← Cheatsheets

CHEATSHEET · GENAI · APPLIED LLM SYSTEMS

GenAI Engineering — The Deep Applied Cheatsheet.

genai rag agents llm-apps
Building with LLMs is mostly context engineering and evaluation, not model training. The model is a fixed black box; your job is to get the right tokens into the prompt, constrain the output, measure quality honestly, defend against injection, and keep cost/latency sane. This sheet covers the full applied stack — the capability ladder, prompting, RAG internals, agents, context limits, evaluation, safety, and LLMOps.

1. The capability ladder (cheapest first)

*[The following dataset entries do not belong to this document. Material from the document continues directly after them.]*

Lemma min_principle (w : R -> R -> R) (D K M : R) :
  0 < D ->
  (forall t x, 0 <= t -> cont2_at_in closed_half w t x) ->
  (forall t x, 0 <= t -> - M <= w t x) ->
  (forall x, 0 <= w 0 x) ->
  (forall t x, 0 < t -> w t x < 0 -> local_supersolution D K w t x) ->
  forall t x, 0 <= t -> 0 <= w t x.
Proof.
  intros HD Hc HM H0 Hsup T X HT.
  destruct (Rle_or_lt 0 (w T X)) as [|HwT]; [auto|exfalso].
  assert (HT0 : 0 < T) by (destruct HT as [|<-]; [auto| specialize (H0 X); lra]).
  set (lam := Rabs K + 1).
  assert (HKl : K < lam) by (unfold lam; assert (K <= Rabs K) by apply RRle_abs; lra).
  assert (Hlam : 0 <= lam) by (unfold lam; assert (0 <= Rabs K) by apply Rabs_pos; lra).
  (* a penalty weight small enough to keep the penalised value at (T,X) negative *)
  set (q := - exp (- lam * T) * w T X).
  assert (Hq : 0 < q) by (unfold q; assert (0 < exp (- lam * T)) by apply exp_pos; nra).
  set (S := X * X + (2 * D + 1) * T + 1).
  assert (HS : 0 < S) by (unfold S; nra).
  set (del := q / (2 * S)).
  assert (Hdel : 0 < del) by (unfold del; apply Rdiv_lt_0_compat; lra).
  assert (HYT : penalized lam del D w T X < 0).
  { unfold penalized.
    assert (del * (X * X + (2 * D + 1) * T) < q).
    { unfold del. apply (Rmult_lt_reg_r (2 * S)); [lra|].
      replace (q / (2 * S) * (X * X + (2 * D + 1) * T) * (2 * S))
        with (q * (X * X + (2 * D + 1) * T)) by (field; lra).
      assert (0 <= X * X + (2 * D + 1) * T) by nra. unfold S; nra. }
    unfold q in *. lra. }
  destruct (penalized_negative_min lam del D M w T X ltac:(lra) Hlam Hdel HT0 Hc HM H0 HYT)
    as [t0 [x0 [rho [Ht0 [Hrho [Hneg Hmin]]]]]].
  exact (penalized_no_negative_min lam del D K w t0 x0 rho HD HKl Hdel Hrho Hneg
           (Hsup t0 x0 Ht0 Hneg) Hmin).
Qed.

Lemma local_supersolution_of_derivatives D K (w wt wx wxx : R -> R -> R) t x :
  derivable_pt_lim (fun s => w s x) t (wt t x) ->
  (forall y, derivable_pt_lim (fun y => w t y) y (wx t y)) ->
  derivable_pt_lim (fun y => wx t y) x (wxx t x) ->
  K * w t x <= wt t x - D * wxx t x -> local_supersolution D K w t x.
Proof.
  intros Ht Hx Hxx Hsup. exists (wt t x), (wxx t x), (wx t), 1.
  repeat split; auto; lra.
Qed.

(* [abs_capped th = min (|th|, PI)] and [cos_bump th = max (cos (abs_capped th), 0)],
   written with absolute values so that continuity is inherited from [Rabs].
   [cos_bump] is a continuous function equal to [cos] on [(-PI/2, PI/2)] and
   to [0] outside. *)
Definition abs_capped (th : R) : R := (PI + Rabs th - Rabs (PI - Rabs th)) / 2.
Definition cos_bump (th : R) : R := (cos (abs_capped th) + Rabs (cos (abs_capped th))) / 2.

Lemma cos_bump_continuous th : continuity_pt cos_bump th.
Proof.
  assert (Hcos : continuity cos) by apply (derivable_continuous _ derivable_cos).
  assert (Habs := Rcontinuity_abs).
  assert (Hcst : forall c x, continuity_pt (fun _ : R => c) x)
    by (intros c x; apply continuity_pt_const; intros ? ?; reflexivity).
  assert (Hcap : continuity (fun th => cos (abs_capped th))).
  { apply (continuity_comp abs_capped cos); [|exact Hcos].
    intro x. unfold abs_capped, Rdiv. apply continuity_pt_mult; [|apply Hcst].
    apply continuity_pt_minus; [apply continuity_pt_plus; [apply Hcst|apply Habs]|].
    apply (continuity_pt_comp (fun th => PI - Rabs th) Rabs); [|apply Habs].
    apply continuity_pt_minus; [apply Hcst|apply Habs]. }
  unfold cos_bump, Rdiv. apply continuity_pt_mult; [|apply Hcst].
  apply continuity_pt_plus; [apply Hcap|].
  apply (continuity_pt_comp _ Rabs); [apply Hcap|apply Habs].
Qed.

Lemma cos_abs th : cos (Rabs th) = cos th.
Proof. unfold Rabs; destruct Rcase_abs; [apply cos_neg|reflexivity]. Qed.

Lemma cos_abs_capped th : Rabs th <= PI -> cos (abs_capped th) = cos th.
Proof.
  intro H. unfold abs_capped. rewrite (Rabs_right (PI - Rabs th)) by lra.
  replace ((PI + Rabs th - (PI - Rabs th)) / 2) with (Rabs th) by field.
  apply cos_abs.
Qed.

Lemma cos_bump_bounds th : 0 <= cos_bump th <= 1.
Proof.
  unfold cos_bump. destruct (COS_bound (abs_capped th)). unfold Rabs; destruct Rcase_abs; lra.
Qed.

Lemma cos_bump_eq_cos th : Rabs th < PI / 2 -> cos_bump th = cos th.
Proof.
  intro H. assert (Hpi := PI_RGT_0).
  unfold cos_bump. rewrite cos_abs_capped by lra.
  assert (0 < cos th) by (apply cos_gt_0; revert H; unfold Rabs; destruct Rcase_abs; lra).
  rewrite Rabs_right by lra. field.
Qed.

  1. Prompt engineering — instructions, examples, format. Always start here; instant, free.
  2. RAG — inject retrieved knowledge for facts/freshness/private data/citations.
  3. Tools / function calling — let the model act (search, code, APIs, DB).
  4. Agents — multi-step reason→act loops with memory + tools for open-ended tasks.
  5. Fine-tuning — last resort, for style/format/latency, not for facts.
don't fine-tune for knowledge Fine-tuning teaches behaviour/format, not facts — and it bakes them in stale. For knowledge that changes or must be cited, use RAG. Reach for fine-tuning to fix tone, structure, or to compress a long prompt into the weights for latency/cost. Climb the ladder only when the cheaper rung fails.

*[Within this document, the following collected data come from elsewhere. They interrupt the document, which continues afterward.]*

Lemma code_inj c f f' s : {in s, forall x, f x < c} -> {in s, forall x, f' x < c} ->
  code c f s = code c f' s -> {in s, f =1 f'}.
Proof.
elim: s => [|x s IHs] //= f_lt f'_lt.
have fx := f_lt x (mem_head _ _); have f'x := f'_lt x (mem_head _ _).
move=> Hcode; have fx_f'x : f x = f' x.
  have := congr1 (modn^~ c) Hcode.
  by rewrite /= (addnC (f x)) (addnC (f' x)) !(mulnC c) !modnMDl !modn_small.
move: Hcode; rewrite fx_f'x => /addnI /eqP; rewrite eqn_pmul2l ?(leq_ltn_trans _ f'x) // => /eqP Hs.
have tail_lt g : {in x :: s, forall z, g z < c} -> {in s, forall z, g z < c}.
  by move=> g_lt z Hz; apply: g_lt; rewrite inE Hz orbT.
move=> y; rewrite inE => /predU1P [-> //|].
exact: IHs (tail_lt _ f_lt) (tail_lt _ f'_lt) Hs y.
Qed.

Lemma code_const c (f : nat -> nat -> nat) (s S : seq nat) : {in s & S, forall x y, f x y < c} ->
  {in S &, forall y y', code c (f^~ y) s = code c (f^~ y') s} ->
  {in s, forall x, {in S &, forall y y', f x y = f x y'}}.
Proof.
move=> f_lt Hcode x Hx y y' Hy Hy'.
by apply: (code_inj _ _ (Hcode y y' Hy Hy')) => // x' Hx'; apply: f_lt.
Qed.

Lemma constant_inP (T : eqType) (s : seq T) : reflect {in s &, forall x y, x = y} (constant s).
Proof.
case: s => [|x s] /=; first by left.
apply: (iffP allP) => [Hs y z | Hs y Hy].
  by rewrite !inE => /predU1P [-> | /Hs /eqP ->] /predU1P [-> | /Hs /eqP ->].
by apply/eqP; apply: Hs; rewrite inE ?Hy ?orbT ?eqxx.
Qed.

Section Homogeneity.
Variable P : nat -> nat -> nat.

Definition homogeneous (F G : seq nat) : bool := constant [seq P x y | x <- F, y <- G].

Definition end_homogeneous (S S' : seq nat) : bool :=
  all (fun x => constant [seq P x y | y <- S']) S.

Lemma homogeneousP F G :
  reflect {in F &, forall x x', {in G &, forall y y', P x y = P x' y'}} (homogeneous F G).
Proof.
apply: (iffP (constant_inP _)) => [Hc x x' Hx Hx' y y' Hy Hy' | Hc].
  by apply: Hc; apply: allpairs_f.
by move=> _ _ /allpairsP [[x y] [/= Hx Hy ->]] /allpairsP [[x' y'] [/= Hx' Hy' ->]]; apply: Hc.
Qed.

Lemma end_homogeneousP S S' :
  reflect {in S, forall x, {in S' &, forall y y', P x y = P x y'}} (end_homogeneous S S').
Proof.
apply: (iffP allP) => [Hc x Hx y y' Hy Hy' | Hc x Hx].
  by have /constant_inP := Hc x Hx; apply; apply: map_f.
by apply/constant_inP => _ _ /mapP [y Hy ->] /mapP [y' Hy' ->]; apply: Hc.
Qed.

Lemma homogeneous_sub F G F' G' :
  {subset F' <= F} -> {subset G' <= G} -> homogeneous F G -> homogeneous F' G'.
Proof.
move=> sub_F sub_G /homogeneousP Hc; apply/homogeneousP.
by move=> x x' /sub_F Hx /sub_F Hx' y y' /sub_G Hy /sub_G Hy'; apply: Hc.
Qed.

Lemma homogeneous_all2 F Fs Ss :
  all2 subseq Fs Ss -> all (homogeneous F) Ss -> all (homogeneous F) Fs.
Proof.
elim: Fs Ss => [|G Fs IHFs] [|S Ss] //= /andP [sub_G /IHFs sub_Fs] /andP [hS /sub_Fs ->].
by rewrite andbT (homogeneous_sub _ (mem_subseq sub_G) hS).
Qed.

End Homogeneity.

Definition grouped (P : nat -> nat -> nat) (n : nat) (Y : seq nat) (Fs : seq (seq nat)) :=
  [/\ subseq (flatten Fs) Y, forall F, F \in Fs -> exactly_large n F
    & pairwise (homogeneous P) Fs].

Lemma sorted_leq_last (s : seq nat) x : sorted ltn s -> x \in s -> x <= last 0 s.
Proof.
case/lastP: s => [|s y] //; rewrite last_rcons -cats1 mem_cat inE => s_sorted.
case/orP => [Hx | /eqP -> //].
exact: ltnW (sorted_cat_rel ltn_trans s_sorted Hx (mem_head _ _)).
Qed.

2. Prompting that holds up

  • Be explicit: role, task, constraints, output format. Show 1–3 examples (few-shot) for tricky formats; zero-shot for simple ones.
  • Chain-of-thought / reasoning for multi-step problems. With reasoning models, ask for the answer and let them think internally; don't double-prompt CoT.
  • Structured output — JSON-schema / grammar-constrained decoding so downstream parsing never breaks.
  • Decomposition — break complex tasks into steps/sub-prompts; self-consistency (sample n, vote) for hard reasoning.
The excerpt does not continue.